--- RECORDS TO PROCESS ---

(* Let $d\ge 1$ and let $\mathcal{C}$ be a chordal $d$-uniform clutter on the vertex set $[n]$ with a simplicial order $e_1,\ldots,e_r$, and let $\{N_1,\ldots,N_r\}$ be the simplicial multiset associated with this order. Put $M_i=\sum_{k=1}^r\binom{N_k}{i}$ and let $\Delta=\Delta(\mathcal{C})$ be the clique complex of $\mathcal{C}$. Then \[ \mathbf{f}_\Delta(t)=\sum_{i=0}^{d-1}\binom{n}{i}t^i+t^{d-1}\sum_{i\ge 1}M_i t^i=\sum_{i=0}^{d-1}\binom{n}{i}t^i+t^{d-1}\sum_{i=1}^{r}\big((1+t)^{N_i}-1\big). \] In particular, $\dim\Delta=\max\{N_1,\ldots,N_r\}+(d-2)$.
   Context: A $d$-uniform clutter $\mathcal{C}$ on $[n]$ is a set of $d$-element subsets of $[n]$ (its circuits). A $(d-1)$-subset $e\subset[n]$ is a submaximal circuit of $\mathcal{C}$ if $e\subset F$ for some $F\in\mathcal{C}$. A subset $V\subseteq[n]$ is a clique of $\mathcal{C}$ if every $d$-subset of $V$ belongs to $\mathcal{C}$ (subsets with fewer than $d$ elements are cliques). The clique complex $\Delta(\mathcal{C})$ is the simplicial complex of all cliques. For a $(d-1)$-subset $e$, the open neighborhood is $\mathrm{N}_{\mathcal{C}}(e)=\{c\in[n]: e\cup\{c\}\in\mathcal{C}\}$ and the closed neighborhood is $\mathrm{N}_{\mathcal{C}}[e]=e\cup\mathrm{N}_{\mathcal{C}}(e)$; $e$ is simplicial in $\mathcal{C}$ if $e$ is a submaximal circuit of $\mathcal{C}$ and $\mathrm{N}_{\mathcal{C}}[e]$ is a clique of $\mathcal{C}$. The deletion is $\mathcal{C}\setminus e=\{F\in\mathcal{C}: e\not\subset F\}$, and $\mathcal{C}_{e_1\cdots e_i}=(\cdots((\mathcal{C}\setminus e_1)\setminus e_2)\cdots)\setminus e_i$. A simplicial order of $\mathcal{C}$ is a sequence $e_1,\ldots,e_r$ of $(d-1)$-subsets such that $e_1$ is simplicial in $\mathcal{C}$, $e_i$ is simplicial in $\mathcal{C}_{e_1\cdots e_{i-1}}$ for $i>1$, and $\mathcal{C}_{e_1\cdots e_r}=\emptyset$; $\mathcal{C}$ is chordal if it admits a simplicial order (the empty clutter is chordal). The simplicial multiset of the order is $\{N_1,\ldots,N_r\}$ with $N_1=|\mathrm{N}_{\mathcal{C}}(e_1)|$ and $N_i=|\mathrm{N}_{\mathcal{C}_{e_1\cdots e_{i-1}}}(e_i)|$ for $i>1$. For a simplicial complex $\Delta$ with $f_{i}$ faces of dimension $i$ (so $f_{i-1}$ faces of cardinality $i$, $f_{-1}=1$), the $\mathbf{f}$-polynomial is $\mathbf{f}_\Delta(t)=\sum_{i\ge0}f_{i-1}t^i$. *)

From mathcomp Require Import all_boot all_order all_algebra.
Set Implicit Arguments. Unset Strict Implicit. Unset Printing Implicit Defensive.
Import GRing.Theory.

Section Clutter.
Variable n : nat.
Notation V := 'I_n.

Definition uniform_clutter (d : nat) (C : {set {set V}}) : bool :=
  [forall F in C, #|F| == d].

Definition submaximal (d : nat) (C : {set {set V}}) (e : {set V}) : bool :=
  (#|e| == d.-1) && [exists F in C, e \subset F].

Definition is_clique (d : nat) (C : {set {set V}}) (W : {set V}) : bool :=
  [forall S : {set V}, ((S \subset W) && (#|S| == d)) ==> (S \in C)].

Definition clique_complex (d : nat) (C : {set {set V}}) : {set {set V}} :=
  [set W | is_clique d C W].

Definition open_nbhd (C : {set {set V}}) (e : {set V}) : {set V} :=
  [set c | e :|: [set c] \in C].
Definition closed_nbhd (C : {set {set V}}) (e : {set V}) : {set V} :=
  e :|: open_nbhd C e.

Definition simplicial (d : nat) (C : {set {set V}}) (e : {set V}) : bool :=
  submaximal d C e && is_clique d C (closed_nbhd C e).

Definition deletion (C : {set {set V}}) (e : {set V}) : {set {set V}} :=
  [set F in C | ~~ (e \subset F)].

Fixpoint simplicial_order (d : nat) (C : {set {set V}}) (es : seq {set V}) : bool :=
  match es with
  | [::] => C == set0
  | e :: es' => simplicial d C e && simplicial_order d (deletion C e) es'
  end.

Fixpoint simplicial_multiset (C : {set {set V}}) (es : seq {set V}) : seq nat :=
  match es with
  | [::] => [::]
  | e :: es' => #|open_nbhd C e| :: simplicial_multiset (deletion C e) es'
  end.

(* f-polynomial: sum over faces of t^(cardinality) = sum_i f_(i-1) t^i *)
Definition fpoly (D : {set {set V}}) : {poly int} :=
  \sum_(W in D) 'X^#|W|.

Definition cdim (D : {set {set V}}) : int :=
  (\max_(W in D) #|W|)%:Z - 1.

End Clutter.

(** Deleting a simplicial submaximal circuit [e] with open neighbourhood [N]
    removes from the clique complex exactly the faces [e :|: A], [A] a
    nonempty subset of [N]: these are cliques because [e :|: N] is one, and
    conversely every extra vertex of a clique of size at least [d] containing
    [e] lies in [N].  So one deletion changes the f-polynomial by
    [t^(d-1) ((1 + t)^#|N| - 1)] and the largest face size by a [maxn] with
    [d - 1 + #|N|]; once the clutter is empty the faces are all sets of fewer
    than [d] vertices. *)
From mathcomp Require Import all_boot all_order all_algebra.
From mathcomp Require Import zify.
Import GRing.Theory.
Set Implicit Arguments. Unset Strict Implicit. Unset Printing Implicit Defensive.
Local Open Scope ring_scope.

Section Clutters.
Variables (n d : nat).
Notation V := 'I_n.

Lemma cliqueP (C : {set {set V}}) (W : {set V}) :
  reflect (forall S : {set V}, S \subset W -> #|S| = d -> S \in C)
          (is_clique d C W).
Proof.
apply: (iffP forallP) => [H S SW Sd | H S].
  by have := H S; rewrite SW Sd eqxx.
by apply/implyP => /andP[SW /eqP Sd]; apply: H.
Qed.

Lemma clique_subset (C : {set {set V}}) (W W' : {set V}) :
  W' \subset W -> is_clique d C W -> is_clique d C W'.
Proof.
move=> sW'W /cliqueP cliqueW; apply/cliqueP => S SW' Sd.
exact: cliqueW (subset_trans SW' sW'W) Sd.
Qed.

Lemma exists_subset_card (W : {set V}) (k : nat) :
  (k <= #|W|)%N -> exists2 S : {set V}, S \subset W & #|S| = k.
Proof.
move=> kW.
have : (0 < #|[set S : {set V} | S \subset W & #|S| == k]|)%N.
  by rewrite cards_draws bin_gt0.
by rewrite card_gt0 => /set0Pn[S]; rewrite inE => /andP[SW /eqP Sk]; exists S.
Qed.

---

Output the lines above exactly, but only those between the line holding "[e] lies in" and the line holding "by rewrite cards_draws bin_gt0.", inclusive.

    [e] lies in [N].  So one deletion changes the f-polynomial by
    [t^(d-1) ((1 + t)^#|N| - 1)] and the largest face size by a [maxn] with
    [d - 1 + #|N|]; once the clutter is empty the faces are all sets of fewer
    than [d] vertices. *)
From mathcomp Require Import all_boot all_order all_algebra.
From mathcomp Require Import zify.
Import GRing.Theory.
Set Implicit Arguments. Unset Strict Implicit. Unset Printing Implicit Defensive.
Local Open Scope ring_scope.

Section Clutters.
Variables (n d : nat).
Notation V := 'I_n.

Lemma cliqueP (C : {set {set V}}) (W : {set V}) :
  reflect (forall S : {set V}, S \subset W -> #|S| = d -> S \in C)
          (is_clique d C W).
Proof.
apply: (iffP forallP) => [H S SW Sd | H S].
  by have := H S; rewrite SW Sd eqxx.
by apply/implyP => /andP[SW /eqP Sd]; apply: H.
Qed.

Lemma clique_subset (C : {set {set V}}) (W W' : {set V}) :
  W' \subset W -> is_clique d C W -> is_clique d C W'.
Proof.
move=> sW'W /cliqueP cliqueW; apply/cliqueP => S SW' Sd.
exact: cliqueW (subset_trans SW' sW'W) Sd.
Qed.

Lemma exists_subset_card (W : {set V}) (k : nat) :
  (k <= #|W|)%N -> exists2 S : {set V}, S \subset W & #|S| = k.
Proof.
move=> kW.
have : (0 < #|[set S : {set V} | S \subset W & #|S| == k]|)%N.
  by rewrite cards_draws bin_gt0.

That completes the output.